(* Let $n\ge 5$, $k\in\{2,\dots,n-2\}$, and let $P,Q$ be generic planar $n$-gons such that $Q$ is inscribed in $P$ and $T_k(Q)$ is inscribed in $T_k(P)$. Then $T_k^2(Q)$ is inscribed in $T_k^2(P)$, and consequently $T_k^m(Q)$ is inscribed in $T_k^m(P)$ for every $m\ge 1$.
   Context: For an $n$-gon $P=(P_i)_{i\in\mathbb Z/n}$ in the projective plane and $k\in\{2,\dots,n-2\}$, the $k$-diagonal pentagram map is $T_k(P)=P'$ with $P'_i=P_iP_{i+k}\cap P_{i+1}P_{i+k+1}$ (here $XY$ is the line through $X,Y$). For $k=2$ this is Schwartz's pentagram map. A polygon $Q$ with the same number of vertices as $P$ is inscribed in $P$ if $Q_i$ lies on the line $P_iP_{i+1}$ for all $i$. ''Generic'' means that all iterates considered are well defined. *)

(* Points of the real projective plane RP^2 are represented
   by homogeneous coordinates (nonzero vectors of R^3, up to scaling).
   The line through two distinct points X,Y is (represented by) the cross
   product X x Y, and the intersection of two distinct lines is again their
   cross product.  A point X lies on the line L iff X . L = 0. *)
From mathcomp Require Import all_boot all_algebra.
From mathcomp Require Import reals.

Set Implicit Arguments.
Unset Strict Implicit.
Unset Printing Implicit Defensive.
Import GRing.Theory Num.Theory.
Local Open Scope ring_scope.

Section Proj.
Variable R : realType.

Definition hpt := (R * R * R)%type.

Definition hx (u : hpt) : R := u.1.1.
Definition hy (u : hpt) : R := u.1.2.
Definition hz (u : hpt) : R := u.2.

Definition hzero : hpt := (0, 0, 0).

Definition cross (u v : hpt) : hpt :=
  (hy u * hz v - hz u * hy v,
   hz u * hx v - hx u * hz v,
   hx u * hy v - hy u * hx v).

Definition dot (u v : hpt) : R := hx u * hx v + hy u * hy v + hz u * hz v.

(* An n-gon is an n-periodic sequence of points, indices taken in Z/n. *)
Definition polygon := nat -> hpt.
Definition periodic (n : nat) (P : polygon) : Prop := forall i, P (i + n)%N = P i.

Definition Tk (k : nat) (P : polygon) : polygon :=
  fun i => cross (cross (P i) (P (i + k)%N)) (cross (P i.+1) (P (i + k).+1)).

Definition inscribed (Q P : polygon) : Prop :=
  forall i, dot (Q i) (cross (P i) (P i.+1)) = 0.

(* genericity: every iterate T_k^m(P) consists of well-defined points, and all
   lines P_iP_{i+1}, P_iP_{i+k} used (for inscription and for T_k) are
   well-defined (their two points are distinct).  Well-definedness of the
   vertices of T_k^(m+1)(P) (the intersection of two distinct lines) is the
   first clause at m+1. *)
Definition generic (k : nat) (P : polygon) : Prop :=
  forall (m i : nat),
    [/\ iter m (Tk k) P i != hzero,
        cross (iter m (Tk k) P i) (iter m (Tk k) P i.+1) != hzero &
        cross (iter m (Tk k) P i) (iter m (Tk k) P (i + k)%N) != hzero].

End Proj.

(* The side T_k(P)_j T_k(P)_{j+1} is the diagonal P_{j+1} P_{j+k+1}, so T_k(Q)
   is inscribed in T_k(P) iff every T_k(Q)_j lies on that diagonal.  Then
   T_k(Q)_i, T_k(Q)_{i+1}, T_k(P)_{i+1} and T_k(Q)_{i+k}, T_k(Q)_{i+k+1},
   T_k(P)_{i+k+1} are the vertices of two triangles whose sides are diagonals
   of P and Q; corresponding sides meet in Q_{i+k+1}, P_{i+k+1}, P_{i+k+2},
   which are collinear because Q is inscribed in P.  By Desargues' theorem the
   triangles are in perspective from a point, i.e. T_k^2(Q)_i lies on the side
   T_k(P)_{i+1} T_k(P)_{i+k+1} of T_k^2(P). *)

From mathcomp Require Import all_boot all_algebra.
From mathcomp Require Import reals.
From mathcomp Require Import ring lra.

Set Implicit Arguments.
Unset Strict Implicit.
Unset Printing Implicit Defensive.
Import GRing.Theory Num.Theory.
Local Open Scope ring_scope.

Section Incidence.
Variable R : realType.
Implicit Types (s t : R) (u v w x y z a b c d e f l m : hpt R).

Definition hscale s v : hpt R := (s * hx v, s * hy v, s * hz v).
Definition det3 x y z := dot x (cross y z).

Ltac hpt_ring :=
  repeat match goal with v : hpt _ |- _ =>
    let p := fresh "p" in let q := fresh "q" in let r := fresh "r" in
    destruct v as [[p q] r] end;
  rewrite /det3 /hscale /dot /cross /hzero /hx /hy /hz /=;
  first [ring | congr (_, _, _); ring].

Lemma dotC x y : dot x y = dot y x. Proof. hpt_ring. Qed.
Lemma dot_crossl x y : dot (cross x y) x = 0. Proof. hpt_ring. Qed.
Lemma dot_crossr x y : dot (cross x y) y = 0. Proof. hpt_ring. Qed.
Lemma dot_cross x y z : dot (cross x y) z = det3 x y z. Proof. hpt_ring. Qed.
Lemma dotZ s x y : dot x (hscale s y) = s * dot x y. Proof. hpt_ring. Qed.
Lemma dotZl s x y : dot (hscale s x) y = s * dot x y. Proof. hpt_ring. Qed.
Lemma crossZl s x y : cross (hscale s x) y = hscale s (cross x y). Proof. hpt_ring. Qed.
Lemma crossZr s x y : cross x (hscale s y) = hscale s (cross x y). Proof. hpt_ring. Qed.
Lemma cross0r x : cross x (hzero R) = hzero R. Proof. hpt_ring. Qed.
Lemma cross0l x : cross (hzero R) x = hzero R. Proof. hpt_ring. Qed.
Lemma crossC x y : cross y x = hscale (-1) (cross x y). Proof. hpt_ring. Qed.
Lemma scale0 x : hscale 0 x = hzero R. Proof. hpt_ring. Qed.
Lemma scaler0 s : hscale s (hzero R) = hzero R. Proof. hpt_ring. Qed.
Lemma det3Zl s x y z : det3 (hscale s x) y z = s * det3 x y z. Proof. hpt_ring. Qed.
Lemma det3Zm s x y z : det3 x (hscale s y) z = s * det3 x y z. Proof. hpt_ring. Qed.
Lemma det3Zr s x y z : det3 x y (hscale s z) = s * det3 x y z. Proof. hpt_ring. Qed.
Lemma det3_rot x y z : det3 y z x = det3 x y z. Proof. hpt_ring. Qed.
Lemma det3_swap12 x y z : det3 y x z = - det3 x y z. Proof. hpt_ring. Qed.
Lemma det3_swap23 x y z : det3 x z y = - det3 x y z. Proof. hpt_ring. Qed.
Lemma det3xyy x y : det3 x y y = 0. Proof. hpt_ring. Qed.

Lemma cross_cross_common x y z : cross (cross x y) (cross y z) = hscale (det3 x y z) y.
Proof. hpt_ring. Qed.

Lemma det3_cross_common u v w z :
  det3 (cross u v) (cross u w) z = det3 u v w * dot u z.
Proof. hpt_ring. Qed.

Lemma desargues_identity p1 p2 p3 q1 q2 q3 :
  det3 (cross (cross p1 p2) (cross q1 q2)) (cross (cross p2 p3) (cross q2 q3))
       (cross (cross p1 p3) (cross q1 q3))
  = det3 p1 p2 p3 * det3 q1 q2 q3 * det3 (cross p1 q1) (cross p2 q2) (cross p3 q3).
Proof. hpt_ring. Qed.

Lemma scale_neq0 s v : hscale s v != hzero R -> s != 0.
Proof. by apply: contra => /eqP ->; rewrite scale0. Qed.

Lemma cross_neq0l x y : cross x y != hzero R -> x != hzero R.
Proof. by apply: contra => /eqP ->; rewrite cross0l. Qed.

Lemma cross_neq0r x y : cross x y != hzero R -> y != hzero R.
Proof. by apply: contra => /eqP ->; rewrite cross0r. Qed.

Lemma crossC_eq0 x y : cross x y = hzero R -> cross y x = hzero R.
Proof. by move=> xy0; rewrite crossC xy0 scaler0. Qed.

Lemma crossC_neq0 x y : cross x y != hzero R -> cross y x != hzero R.
Proof. by apply: contra => /eqP /crossC_eq0 ->. Qed.

Lemma dot_self_neq0 v : v != hzero R -> dot v v != 0.
Proof.
case: v => [[p q] r]; rewrite /dot /hx /hy /hz /=; apply: contra => /eqP v0.
have [-> ->] : p = 0 /\ q = 0 by split; nra.
by have -> : r = 0 by nra.
Qed.

Lemma cross_crossE l m x : cross (cross l m) x =
  (hx m * dot l x - hx l * dot m x,
   hy m * dot l x - hy l * dot m x,
   hz m * dot l x - hz l * dot m x).
Proof. hpt_ring. Qed.

Lemma hptE x : x = (hx x, hy x, hz x).
Proof. by case: x => [[]]. Qed.

Lemma cross_eq0_scale x w : cross x w = hzero R -> w != hzero R ->
  exists s, x = hscale s w.
Proof.
move=> xw0 w0; have ww0 := dot_self_neq0 w0.
have := cross_crossE w x w; rewrite (crossC x w) xw0 scaler0 cross0l => -[h1 h2 h3].
exists (dot x w / dot w w); rewrite [LHS]hptE /hscale.
by congr (_, _, _); apply: (mulIf ww0); rewrite mulrAC divfK //; lra.
Qed.

Lemma perp2_scale x l m : dot x l = 0 -> dot x m = 0 -> cross l m != hzero R ->
  exists s, x = hscale s (cross l m).
Proof.
move=> xl xm lm0; apply: cross_eq0_scale lm0.
rewrite (crossC (cross l m)) cross_crossE (dotC l) (dotC m) xl xm.
by rewrite /hscale /hzero !mulr0 subrr mulr0.
Qed.

Lemma perp3_det3 x y z c : dot x c = 0 -> dot y c = 0 -> dot z c = 0 ->
  c != hzero R -> det3 x y z = 0.
Proof.
move=> xc yc zc c0.
have : det3 x y z * dot c c = 0.
  have -> : det3 x y z * dot c c =
    dot x c * det3 c y z + dot y c * det3 c z x + dot z c * det3 c x y by hpt_ring.
  by rewrite xc yc zc !mul0r !addr0.
by move/eqP; rewrite mulf_eq0 (negbTE (dot_self_neq0 c0)) orbF => /eqP.
Qed.

(* The lines [a], [b], [e] and [c], [d], [f] form two triangles with vertices
   [X1 = a e], [X2 = b e], [a b] and [X3 = c f], [X4 = d f], [c d], whose
   corresponding sides meet in the collinear points [e f], [a c], [b d]. *)
Definition desargues_config X1 X2 X3 X4 a b c d e f : Prop :=
  [/\ [/\ dot X1 a = 0, dot X1 e = 0, dot X2 b = 0 & dot X2 e = 0],
      [/\ dot X3 c = 0, dot X3 f = 0, dot X4 d = 0 & dot X4 f = 0],
      [/\ cross a b != hzero R, cross c d != hzero R, e != hzero R & f != hzero R] &
      det3 (cross e f) (cross a c) (cross b d) = 0].

Lemma desargues_config_swap_sides X1 X2 X3 X4 a b c d e f :
  desargues_config X1 X2 X3 X4 a b c d e f ->
  desargues_config X2 X1 X4 X3 b a d c e f.
Proof.
case=> [[? ? ? ?] [? ? ? ?] [? ? ? ?] col]; split; [by split.. | |].
- by split=> //; exact: crossC_neq0.
- by rewrite det3_swap23 col oppr0.
Qed.

Lemma desargues_config_swap_triangles X1 X2 X3 X4 a b c d e f :
  desargues_config X1 X2 X3 X4 a b c d e f ->
  desargues_config X3 X4 X1 X2 c d a b f e.
Proof.
case=> [? ? [? ? ? ?] col]; split=> //.
have -> : det3 (cross f e) (cross c a) (cross d b) =
          - det3 (cross e f) (cross a c) (cross b d) by hpt_ring.
by rewrite col oppr0.
Qed.

(* If [a = e] then [X2 = a b], and the collinearity makes [a], [c], [f] or
   [a], [b], [d] concurrent; either way two of the three lines share a point. *)
Lemma desargues_parallel X1 X2 X3 X4 a b c d e f :
  desargues_config X1 X2 X3 X4 a b c d e f -> cross a e = hzero R ->
  det3 (cross X1 X3) (cross X2 X4) (cross (cross a b) (cross c d)) = 0.
Proof.
case=> [[X1a X1e X2b X2e] [X3c X3f X4d X4f] [ab0 cd0 e0 f0] col] ae0.
have a0 := cross_neq0l ab0.
have [l eE] := cross_eq0_scale (crossC_eq0 ae0) a0.
have l0 : l != 0 by apply: (@scale_neq0 _ a); rewrite -eE.
have X2a : dot X2 a = 0.
  by apply: (mulfI l0); rewrite mulr0 -dotZ -eE.
have [s X2E] := perp2_scale X2a X2b ab0.
have {col} : det3 a f c * det3 a b d = 0.
  by apply: (mulfI l0); rewrite mulr0 -col eE crossZl det3Zl det3_cross_common.
rewrite X2E crossZl det3Zm -(det3_rot (cross X1 X3)) det3_cross_common.
move/eqP; rewrite mulf_eq0 => /orP[/eqP afc | /eqP abd].
- case: (eqVneq (cross c f) (hzero R)) => [cf0 | cf0].
  + have [m cE] := cross_eq0_scale cf0 f0.
    have X4c : dot X4 c = 0 by rewrite cE dotZ X4f mulr0.
    have [t X4E] := perp2_scale X4c X4d cd0.
    by rewrite X4E det3Zm det3xyy !(mul0r, mulr0).
  have [t X3E] := perp2_scale X3c X3f cf0.
  have X3a : dot X3 a = 0.
    by rewrite X3E dotZl dot_cross det3_rot det3_swap23 afc oppr0 mulr0.
  have Ya : dot (cross a b) a = 0 := dot_crossl a b.
  by move: (perp3_det3 Ya X1a X3a a0); rewrite /det3 => ->; rewrite !mulr0.
- have Yd : dot (cross a b) d = 0 by rewrite dot_cross abd.
  have Zd : dot (cross c d) d = 0 := dot_crossr c d.
  by rewrite (perp3_det3 Yd X4d Zd (cross_neq0r cd0)) !(mul0r, mulr0).
Qed.

Lemma desargues X1 X2 X3 X4 a b c d e f :
  desargues_config X1 X2 X3 X4 a b c d e f ->
  det3 (cross X1 X3) (cross X2 X4) (cross (cross a b) (cross c d)) = 0.
Proof.
move=> cfg; have cfg' := desargues_config_swap_triangles cfg.
case: (eqVneq (cross a e) (hzero R)) => [ae0 | ae0].
  exact: desargues_parallel cfg ae0.
case: (eqVneq (cross e b) (hzero R)) => [eb0 | eb0].
  have := desargues_parallel (desargues_config_swap_sides cfg) (crossC_eq0 eb0).
  have -> : det3 (cross X2 X4) (cross X1 X3) (cross (cross b a) (cross d c)) =
    - det3 (cross X1 X3) (cross X2 X4) (cross (cross a b) (cross c d)) by hpt_ring.
  by move/eqP; rewrite oppr_eq0 => /eqP.
case: (eqVneq (cross c f) (hzero R)) => [cf0 | cf0].
  have := desargues_parallel cfg' cf0.
  have -> : det3 (cross X3 X1) (cross X4 X2) (cross (cross c d) (cross a b)) =
    - det3 (cross X1 X3) (cross X2 X4) (cross (cross a b) (cross c d)) by hpt_ring.
  by move/eqP; rewrite oppr_eq0 => /eqP.
case: (eqVneq (cross f d) (hzero R)) => [fd0 | fd0].
  have := desargues_parallel (desargues_config_swap_sides cfg') (crossC_eq0 fd0).
  have -> : det3 (cross X4 X2) (cross X3 X1) (cross (cross d c) (cross b a)) =
    det3 (cross X1 X3) (cross X2 X4) (cross (cross a b) (cross c d)) by hpt_ring.
  by [].
case: cfg => [[X1a X1e X2b X2e] [X3c X3f X4d X4f] _ col].
have [s1 ->] := perp2_scale X1a X1e ae0.
have [s2 ->] := perp2_scale X2e X2b eb0.
have [s3 ->] := perp2_scale X3c X3f cf0.
have [s4 ->] := perp2_scale X4f X4d fd0.
rewrite !crossZl !crossZr !det3Zl !det3Zm desargues_identity (det3_swap12 (cross e f)) col.
by rewrite oppr0 !mulr0.
Qed.

End Incidence.

Section Pentagram.
Variables (R : realType) (k : nat).
Implicit Types P Q : polygon R.

Definition diag P j : hpt R := cross (P j) (P (j + k)%N).

Lemma Tk_diag P j : Tk k P j = cross (diag P j) (diag P j.+1).
Proof. by rewrite /Tk /diag addSn. Qed.

Lemma inscribed_TkP P Q :
  (forall j, cross (Tk k P j) (Tk k P j.+1) != hzero R) ->
  inscribed Q (Tk k P) <-> forall j, dot (Q j) (diag P j.+1) = 0.
Proof.
move=> TP0.
have sideE j : cross (Tk k P j) (Tk k P j.+1) =
    hscale (det3 (diag P j) (diag P j.+1) (diag P j.+2)) (diag P j.+1).
  by rewrite !Tk_diag cross_cross_common.
split=> QP j; have := TP0 j; rewrite sideE => /scale_neq0 s0.
- by apply: (mulfI s0); rewrite mulr0 -dotZ -sideE; exact: QP.
- by rewrite dotZ QP mulr0.
Qed.

Lemma diag_incidence_Tk P Q :
  (forall j, Tk k P j != hzero R) -> (forall j, diag Q j != hzero R) ->
  inscribed Q P -> (forall j, dot (Tk k Q j) (diag P j.+1) = 0) ->
  forall i, dot (Tk k (Tk k Q) i) (diag (Tk k P) i.+1) = 0.
Proof.
move=> TP0 DQ0 QP TQP i.
have QP' j : det3 (Q j) (P j) (P j.+1) = 0 := QP j.
rewrite [Tk k (Tk k Q) i]/Tk dot_cross [diag (Tk k P) _]/diag addSn.
rewrite (Tk_diag P i.+1) (Tk_diag P (i + k).+1).
apply: (@desargues _ _ (Tk k Q i.+1) _ (Tk k Q (i + k).+1) _ _ _ _
  (diag Q i.+1) (diag Q (i + k).+1)); split; try split.
all: rewrite ?Tk_diag ?dot_crossl ?dot_crossr -?Tk_diag //.
by rewrite /diag !addSn !cross_cross_common det3Zl det3Zm det3Zr QP' !mulr0.
Qed.

Lemma inscribed_Tk2 P Q : generic k P -> generic k Q ->
  inscribed Q P -> inscribed (Tk k Q) (Tk k P) ->
  inscribed (Tk k (Tk k Q)) (Tk k (Tk k P)).
Proof.
move=> gP gQ QP TQP.
have TP0 j : Tk k P j != hzero R by case: (gP 1%N j).
have DQ0 j : diag Q j != hzero R by case: (gQ 0%N j).
have TP1 j : cross (Tk k P j) (Tk k P j.+1) != hzero R by case: (gP 1%N j).
have TP2 j : cross (Tk k (Tk k P) j) (Tk k (Tk k P) j.+1) != hzero R.
  by case: (gP 2%N j).
apply/(inscribed_TkP _ TP2)/diag_incidence_Tk => //.
exact/(inscribed_TkP _ TP1).
Qed.

Lemma generic_iter m P : generic k P -> generic k (iter m (Tk k) P).
Proof. by move=> gP m' j; rewrite -iterD; exact: gP. Qed.

End Pentagram.

Theorem theorem6 (R : realType) (n k : nat) (P Q : polygon R) :
  (5 <= n)%N -> (2 <= k)%N -> (k <= n - 2)%N ->
  periodic n P -> periodic n Q ->
  generic k P -> generic k Q ->
  inscribed Q P -> inscribed (Tk k Q) (Tk k P) ->
  inscribed (iter 2 (Tk k) Q) (iter 2 (Tk k) P) /\
  (forall m : nat, (1 <= m)%N -> inscribed (iter m (Tk k) Q) (iter m (Tk k) P)).
Proof.
move=> _ _ _ _ _ gP gQ QP TQP.
have step m : inscribed (iter m (Tk k) Q) (iter m (Tk k) P) /\
              inscribed (iter m.+1 (Tk k) Q) (iter m.+1 (Tk k) P).
  elim: m => [// | m [IH0 IH1]]; split=> //.
  by apply: inscribed_Tk2 => //; exact: generic_iter.
split; first exact: (step 1%N).2.
by case=> [// | m] _; exact: (step m).2.
Qed.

▸ Task details
All lines above from the one with "Section Proj." to the one with "is inscribed in T_k(P)", inclusive, should be copied exactly, and no other lines.

▸ Exercise result
Section Proj.
Variable R : realType.

Definition hpt := (R * R * R)%type.

Definition hx (u : hpt) : R := u.1.1.
Definition hy (u : hpt) : R := u.1.2.
Definition hz (u : hpt) : R := u.2.

Definition hzero : hpt := (0, 0, 0).

Definition cross (u v : hpt) : hpt :=
  (hy u * hz v - hz u * hy v,
   hz u * hx v - hx u * hz v,
   hx u * hy v - hy u * hx v).

Definition dot (u v : hpt) : R := hx u * hx v + hy u * hy v + hz u * hz v.

(* An n-gon is an n-periodic sequence of points, indices taken in Z/n. *)
Definition polygon := nat -> hpt.
Definition periodic (n : nat) (P : polygon) : Prop := forall i, P (i + n)%N = P i.

Definition Tk (k : nat) (P : polygon) : polygon :=
  fun i => cross (cross (P i) (P (i + k)%N)) (cross (P i.+1) (P (i + k).+1)).

Definition inscribed (Q P : polygon) : Prop :=
  forall i, dot (Q i) (cross (P i) (P i.+1)) = 0.

(* genericity: every iterate T_k^m(P) consists of well-defined points, and all
   lines P_iP_{i+1}, P_iP_{i+k} used (for inscription and for T_k) are
   well-defined (their two points are distinct).  Well-definedness of the
   vertices of T_k^(m+1)(P) (the intersection of two distinct lines) is the
   first clause at m+1. *)
Definition generic (k : nat) (P : polygon) : Prop :=
  forall (m i : nat),
    [/\ iter m (Tk k) P i != hzero,
        cross (iter m (Tk k) P i) (iter m (Tk k) P i.+1) != hzero &
        cross (iter m (Tk k) P i) (iter m (Tk k) P (i + k)%N) != hzero].

End Proj.

(* The side T_k(P)_j T_k(P)_{j+1} is the diagonal P_{j+1} P_{j+k+1}, so T_k(Q)
   is inscribed in T_k(P) iff every T_k(Q)_j lies on that diagonal.  Then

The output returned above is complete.